Thursday, October 7, 2010

City Fiscal Conditions in 2010

Cities’ finances continue to weaken under the strain of the recession, resulting in cities being less able to meet their fiscal needs in 2011 and beyond. According to the National League of Cities’ annual report on cities’ fiscal conditions, financial officers report the largest spending cuts and loss of revenue in the 25-year history of the survey.

In the research brief, "City Fiscal Conditions in 2010", 87% of city finance officers report their cities are worse off financially than in 2009. City revenues - as generated in property, sales, and income taxes - will decline -3.2% in inflation-adjusted dollars according to finance officers. To compensate, city officials are cutting back spending, with expenditures declining by -2.3%. These are the largest cutbacks in spending in the history of the survey and the fourth year in a row that revenue declined.
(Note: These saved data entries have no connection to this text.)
Lemma gamma_not_prime_power n (a : A) : (2 <= n)%N ->
  ~ (exists p k, prime p /\ n = (p ^ k)%N) -> gamma n a = 0.
Proof.
move=> n_ge2 not_ppow; have n_gt0 := ltnW n_ge2.
have [d d_gt0 [ad_eq0 d_dvd]] := natmul_order_exists n_gt0 (gamma_mulrn_n a n_ge2).
have [d_le1 | d_gt1] := leqP d 1.
  by move: ad_eq0; rewrite (_ : d = 1%N) ?mulr1n //; apply/eqP; rewrite eqn_leq d_le1.
have p_pr : prime (pdiv d) := pdiv_prime d_gt1.
set q := (pdiv d ^ logn (pdiv d) n)%N.
have q_lt_n : (q < n)%N.
  rewrite ltn_neqAle dvdn_leq ?pfactor_dvdnn // andbT.
  by apply/eqP => def_n; apply: not_ppow; exists (pdiv d), (logn (pdiv d) n).
have p_dvd_bin : (pdiv d %| 'C(n, q))%N.
  by apply: dvdn_trans (pdiv_dvd d) (d_dvd _ _); rewrite gamma_mulrn_bin ?expn_gt0 ?prime_gt0.
by have := coprime_bin_ppart p_pr n_gt0; rewrite prime_coprime // p_dvd_bin.
Qed.

Lemma gamma_comp_pexp p k (a : A) : prime p ->
  gamma p (gamma (p ^ k) a) = gamma (p ^ k.+1) a /\ gamma (p ^ k.+1) a *+ p = 0.
Proof.
case: (dp_is_dp A) => _ [_ _ _ _ gC] p_pr.
have p_ge2 := prime_gt1 p_pr.
set x := gamma (p ^ k.+1) a.
have gC_pq : gamma p (gamma (p ^ k) a) = x *+ dp_coef p (p ^ k).
  by rewrite gC ?expn_gt0 ?prime_gt0 // /x expnS.
have c_modp := dp_coef_pexp_modp k p_pr.
have xcp : x *+ (dp_coef p (p ^ k) * p) = 0 by rewrite mulrnA -gC_pq gamma_mulrn_n.
have xpq : x *+ (p * p ^ k) = 0.
  rewrite -expnS gamma_mulrn_n // expnS (leq_trans p_ge2) // leq_pmulr //.
  by rewrite expn_gt0 prime_gt0.
have coprime_c_q : coprime (dp_coef p (p ^ k)) (p ^ k).
  by apply: coprimeXr; rewrite -coprime_modl c_modp coprime1n.
have xp : x *+ p = 0.
  by have := mulrn_gcdn_eq0 xcp xpq; rewrite mulnC -muln_gcdr (eqP coprime_c_q) muln1.
by rewrite gC_pq (mulrn_modn _ xp) c_modp mulr1n.
Qed.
Financial pressures are forcing cities to layoff workers (79%), delay or cancel capital infrastructure projects (69%), and modify health benefits (34%). There were also significant increases in the number of officers reporting across-the-board services cuts (25%) and public safety cuts (25%). Public safety is usually reduced only as a last resort option.

“This historic recession has forced city officials to make difficult decisions that impact the social and economic fabric of their communities,” said Ronald O. Loveridge, mayor of Riverside, CA and president of NLC. He continued, “This recession is making city officials fundamentally rethink and repurpose the provision of services in their communities. Some are innovating and finding creative solutions but, regrettably, without the necessary resources, cities will continue to have a difficult time assisting their residents through these trying economic times.”

The ongoing weakness in the housing market, along with poor retail sales, has reduced the available revenue by significant margins. The responses from the finance officers clearly illustrate that the effects of the economic crash are intensifying in cities. Because most tax revenue is collected at specific points during the year, and since it takes time for housing assessments to catch up to current values, cities will still be feeling the full effect of the downturn in 2011. The national economy’s slow recovery to date also means the recession’s effects will potentially linger in cities for several more years.

“These stark numbers continue the trend we’ve been seeing for the past several years: lower revenue and reduced services at a time when there is an increased demand for services,” said co-author Christopher Hoene, director of the Center for Research and Innovation for the National League of Cities. He continued, “Unfortunately, because of the loss in revenue, cities will face even more difficult circumstances in the months, if not years, to come.”

Cities have been forced to confront low consumer spending, unemployment, and cuts in state aid that have severely affected the types of services and the manner in which they are offered by cities. In response, many cities are revisiting the range of services provided and looking for new service-delivery models in order to balance budgets and minimize the impacts of cuts on residents.

“While certain segments of the economy may be under recovery, cities as a whole are not yet experiencing growth,” said co-author Michael A. Pagano, dean of the College of Urban Planning and Public Affairs at the University of Illinois at Chicago. He continued, “As a consequence, cities are facing very serious financial hurdles right now in providing basic public services.”

NLC conducts the survey each year in partnership with the University of Illinois at Chicago’s College of Urban Planning and Public Affairs, a nationally recognized innovator in education, research, and engagement in support of the nation’s cities and metropolitan areas. Michael A. Pagano, Dean of the College, has helped conduct the survey and author the report since 1991.

The National League of Cities is the nation’s oldest and largest organization devoted to strengthening and promoting cities as centers of opportunity, leadership and governance. NLC is a resource and advocate for 19,000 cities, towns and villages, representing more than 218 million Americans.

Through its Center for Research and Innovation, NLC develops, conducts and reports research on issues affecting cities and towns. The Center assists cities and their leaders to implement innovative practices by providing qualified information and technical assistance.

List of Responding Cities CLICK HERE

1 comment:

  1. If you go to this link and click on the list of cities that responded, Commerce City is not one of them. If they are so damn financially stable and Flannery is such a rock star that he goes to Germany, why didn't they respond to the NLC survey about the city's finances? So stupid.